_TASK ITEM_
All lines in the records below with the word "gmulVr" must be returned.

Content starts

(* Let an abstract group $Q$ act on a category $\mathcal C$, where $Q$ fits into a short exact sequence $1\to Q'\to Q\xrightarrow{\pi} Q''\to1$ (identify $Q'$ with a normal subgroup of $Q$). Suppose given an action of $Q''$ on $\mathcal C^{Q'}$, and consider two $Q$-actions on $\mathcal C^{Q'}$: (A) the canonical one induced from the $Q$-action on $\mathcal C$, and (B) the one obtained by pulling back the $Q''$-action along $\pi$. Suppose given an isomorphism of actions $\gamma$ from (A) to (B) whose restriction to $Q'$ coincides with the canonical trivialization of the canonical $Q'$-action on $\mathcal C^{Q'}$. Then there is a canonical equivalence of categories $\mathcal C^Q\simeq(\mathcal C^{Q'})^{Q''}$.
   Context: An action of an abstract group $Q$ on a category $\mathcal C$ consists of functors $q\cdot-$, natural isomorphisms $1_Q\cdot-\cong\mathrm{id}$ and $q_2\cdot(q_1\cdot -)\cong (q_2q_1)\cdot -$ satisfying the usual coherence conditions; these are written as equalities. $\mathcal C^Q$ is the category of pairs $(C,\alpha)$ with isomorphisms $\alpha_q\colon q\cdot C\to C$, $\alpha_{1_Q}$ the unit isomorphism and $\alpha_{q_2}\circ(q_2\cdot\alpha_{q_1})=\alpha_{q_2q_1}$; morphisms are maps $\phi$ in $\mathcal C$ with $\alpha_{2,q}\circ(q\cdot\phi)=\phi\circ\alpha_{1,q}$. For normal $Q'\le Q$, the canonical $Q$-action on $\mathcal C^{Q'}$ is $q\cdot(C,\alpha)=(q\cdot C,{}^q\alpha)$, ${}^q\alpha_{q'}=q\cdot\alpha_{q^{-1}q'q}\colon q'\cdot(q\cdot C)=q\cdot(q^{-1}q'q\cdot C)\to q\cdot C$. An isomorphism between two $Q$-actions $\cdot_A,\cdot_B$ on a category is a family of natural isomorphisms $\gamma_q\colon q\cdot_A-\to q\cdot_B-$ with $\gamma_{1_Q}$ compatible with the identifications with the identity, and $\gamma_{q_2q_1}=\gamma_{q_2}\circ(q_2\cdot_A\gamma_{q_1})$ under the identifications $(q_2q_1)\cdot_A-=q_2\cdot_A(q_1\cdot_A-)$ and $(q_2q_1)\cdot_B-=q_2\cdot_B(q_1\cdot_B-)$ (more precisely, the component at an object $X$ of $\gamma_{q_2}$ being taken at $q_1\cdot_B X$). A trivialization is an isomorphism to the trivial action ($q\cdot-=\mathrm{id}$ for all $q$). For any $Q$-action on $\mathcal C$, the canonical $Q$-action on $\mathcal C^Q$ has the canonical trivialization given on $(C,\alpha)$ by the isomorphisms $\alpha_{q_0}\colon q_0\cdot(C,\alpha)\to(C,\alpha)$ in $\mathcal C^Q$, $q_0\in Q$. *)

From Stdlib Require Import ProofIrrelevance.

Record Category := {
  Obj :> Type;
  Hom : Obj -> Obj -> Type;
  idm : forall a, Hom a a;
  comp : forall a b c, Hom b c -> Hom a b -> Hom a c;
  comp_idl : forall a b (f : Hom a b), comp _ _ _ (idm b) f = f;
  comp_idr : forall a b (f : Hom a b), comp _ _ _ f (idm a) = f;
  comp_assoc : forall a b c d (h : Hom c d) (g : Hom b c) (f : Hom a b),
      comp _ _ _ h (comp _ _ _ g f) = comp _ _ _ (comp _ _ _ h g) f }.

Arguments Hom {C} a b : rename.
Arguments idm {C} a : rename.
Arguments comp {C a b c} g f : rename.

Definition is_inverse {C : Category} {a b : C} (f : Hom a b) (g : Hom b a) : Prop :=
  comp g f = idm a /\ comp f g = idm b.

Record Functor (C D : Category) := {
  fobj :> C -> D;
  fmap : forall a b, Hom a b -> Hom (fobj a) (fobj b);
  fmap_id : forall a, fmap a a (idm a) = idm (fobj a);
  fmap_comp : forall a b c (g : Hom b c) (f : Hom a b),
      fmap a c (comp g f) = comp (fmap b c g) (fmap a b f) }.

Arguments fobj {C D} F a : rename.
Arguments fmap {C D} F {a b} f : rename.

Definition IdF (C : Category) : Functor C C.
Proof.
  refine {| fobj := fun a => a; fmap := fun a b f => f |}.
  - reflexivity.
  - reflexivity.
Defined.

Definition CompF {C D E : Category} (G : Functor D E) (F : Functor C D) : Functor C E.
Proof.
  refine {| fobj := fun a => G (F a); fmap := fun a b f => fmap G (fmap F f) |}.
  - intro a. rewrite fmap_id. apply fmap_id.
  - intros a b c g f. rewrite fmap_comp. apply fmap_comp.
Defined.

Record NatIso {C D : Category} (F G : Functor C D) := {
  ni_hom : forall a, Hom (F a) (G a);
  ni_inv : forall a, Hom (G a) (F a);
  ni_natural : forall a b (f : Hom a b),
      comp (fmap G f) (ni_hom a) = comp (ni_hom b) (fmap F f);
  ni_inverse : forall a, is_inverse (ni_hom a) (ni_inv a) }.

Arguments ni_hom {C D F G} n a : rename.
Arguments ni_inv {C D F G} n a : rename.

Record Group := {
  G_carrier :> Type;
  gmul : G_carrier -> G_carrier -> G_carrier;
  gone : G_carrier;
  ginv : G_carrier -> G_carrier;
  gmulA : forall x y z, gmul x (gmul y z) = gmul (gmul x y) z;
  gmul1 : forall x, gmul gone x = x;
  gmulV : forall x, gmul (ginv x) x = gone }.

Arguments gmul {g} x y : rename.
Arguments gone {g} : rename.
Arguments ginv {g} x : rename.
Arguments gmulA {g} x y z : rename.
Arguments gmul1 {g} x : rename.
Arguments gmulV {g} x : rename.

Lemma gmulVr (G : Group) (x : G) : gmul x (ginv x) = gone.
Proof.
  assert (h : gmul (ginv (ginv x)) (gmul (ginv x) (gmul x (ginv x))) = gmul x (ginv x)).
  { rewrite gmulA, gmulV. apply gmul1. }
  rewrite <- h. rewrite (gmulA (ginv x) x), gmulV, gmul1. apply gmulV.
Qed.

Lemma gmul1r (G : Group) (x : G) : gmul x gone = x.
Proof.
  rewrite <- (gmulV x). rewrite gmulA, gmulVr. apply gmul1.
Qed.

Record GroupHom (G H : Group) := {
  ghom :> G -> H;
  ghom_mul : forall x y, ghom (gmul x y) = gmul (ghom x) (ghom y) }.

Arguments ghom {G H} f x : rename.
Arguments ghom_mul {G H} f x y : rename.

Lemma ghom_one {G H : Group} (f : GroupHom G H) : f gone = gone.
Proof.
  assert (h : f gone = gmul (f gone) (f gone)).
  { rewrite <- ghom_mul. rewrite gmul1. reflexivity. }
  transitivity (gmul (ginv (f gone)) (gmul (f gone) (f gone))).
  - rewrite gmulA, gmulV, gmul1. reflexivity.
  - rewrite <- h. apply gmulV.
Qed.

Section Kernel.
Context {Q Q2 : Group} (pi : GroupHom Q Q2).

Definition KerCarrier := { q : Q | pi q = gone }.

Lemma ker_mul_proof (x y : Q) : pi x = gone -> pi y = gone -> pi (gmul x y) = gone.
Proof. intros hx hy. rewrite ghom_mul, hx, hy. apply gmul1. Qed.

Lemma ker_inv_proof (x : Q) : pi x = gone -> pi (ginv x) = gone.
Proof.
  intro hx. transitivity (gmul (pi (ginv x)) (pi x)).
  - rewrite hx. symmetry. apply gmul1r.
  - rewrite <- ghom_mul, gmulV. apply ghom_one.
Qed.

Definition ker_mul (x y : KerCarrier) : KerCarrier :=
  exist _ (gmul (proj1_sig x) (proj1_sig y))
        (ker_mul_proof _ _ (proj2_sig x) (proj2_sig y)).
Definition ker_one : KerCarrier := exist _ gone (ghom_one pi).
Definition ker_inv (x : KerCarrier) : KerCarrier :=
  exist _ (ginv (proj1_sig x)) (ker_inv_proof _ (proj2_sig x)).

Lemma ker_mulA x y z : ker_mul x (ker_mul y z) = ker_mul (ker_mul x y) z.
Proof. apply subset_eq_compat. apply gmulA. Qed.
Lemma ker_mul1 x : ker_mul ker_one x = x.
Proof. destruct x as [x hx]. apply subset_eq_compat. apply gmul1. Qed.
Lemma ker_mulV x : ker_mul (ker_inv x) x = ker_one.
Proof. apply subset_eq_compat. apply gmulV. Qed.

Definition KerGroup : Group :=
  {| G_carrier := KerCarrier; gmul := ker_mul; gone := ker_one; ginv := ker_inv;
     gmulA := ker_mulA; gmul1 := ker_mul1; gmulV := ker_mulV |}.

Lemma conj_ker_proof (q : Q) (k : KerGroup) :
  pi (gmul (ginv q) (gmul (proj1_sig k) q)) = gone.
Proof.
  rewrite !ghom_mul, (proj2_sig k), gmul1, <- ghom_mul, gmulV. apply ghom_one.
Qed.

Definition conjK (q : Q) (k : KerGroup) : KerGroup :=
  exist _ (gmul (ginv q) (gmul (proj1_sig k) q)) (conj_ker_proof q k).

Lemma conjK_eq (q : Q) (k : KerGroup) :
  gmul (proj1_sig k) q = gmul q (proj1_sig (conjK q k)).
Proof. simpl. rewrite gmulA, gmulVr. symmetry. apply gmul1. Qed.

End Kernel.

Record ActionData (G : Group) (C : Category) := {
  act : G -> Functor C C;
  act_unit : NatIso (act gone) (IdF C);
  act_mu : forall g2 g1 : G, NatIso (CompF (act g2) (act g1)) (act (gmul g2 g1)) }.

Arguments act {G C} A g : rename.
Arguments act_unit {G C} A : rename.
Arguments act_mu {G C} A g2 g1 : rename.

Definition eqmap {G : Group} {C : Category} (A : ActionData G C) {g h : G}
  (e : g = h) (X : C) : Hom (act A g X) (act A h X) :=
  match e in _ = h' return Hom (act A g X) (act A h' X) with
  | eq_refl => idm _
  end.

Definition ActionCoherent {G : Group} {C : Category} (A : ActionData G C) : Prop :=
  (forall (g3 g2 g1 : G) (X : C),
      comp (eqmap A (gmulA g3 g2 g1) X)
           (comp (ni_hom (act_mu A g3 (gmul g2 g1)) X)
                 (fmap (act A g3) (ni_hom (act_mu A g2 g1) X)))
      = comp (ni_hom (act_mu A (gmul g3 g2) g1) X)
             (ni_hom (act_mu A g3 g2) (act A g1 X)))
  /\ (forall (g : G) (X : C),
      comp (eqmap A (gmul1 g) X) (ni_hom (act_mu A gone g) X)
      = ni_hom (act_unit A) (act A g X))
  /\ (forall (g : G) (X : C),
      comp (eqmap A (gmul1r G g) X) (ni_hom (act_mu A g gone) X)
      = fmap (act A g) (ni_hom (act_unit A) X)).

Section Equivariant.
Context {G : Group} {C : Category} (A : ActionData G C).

Content ends

_ANSWER TO THIS TASK_
Lemma gmulVr (G : Group) (x : G) : gmul x (ginv x) = gone.
  rewrite <- (gmulV x). rewrite gmulA, gmulVr. apply gmul1.
Proof. simpl. rewrite gmulA, gmulVr. symmetry. apply gmul1. Qed.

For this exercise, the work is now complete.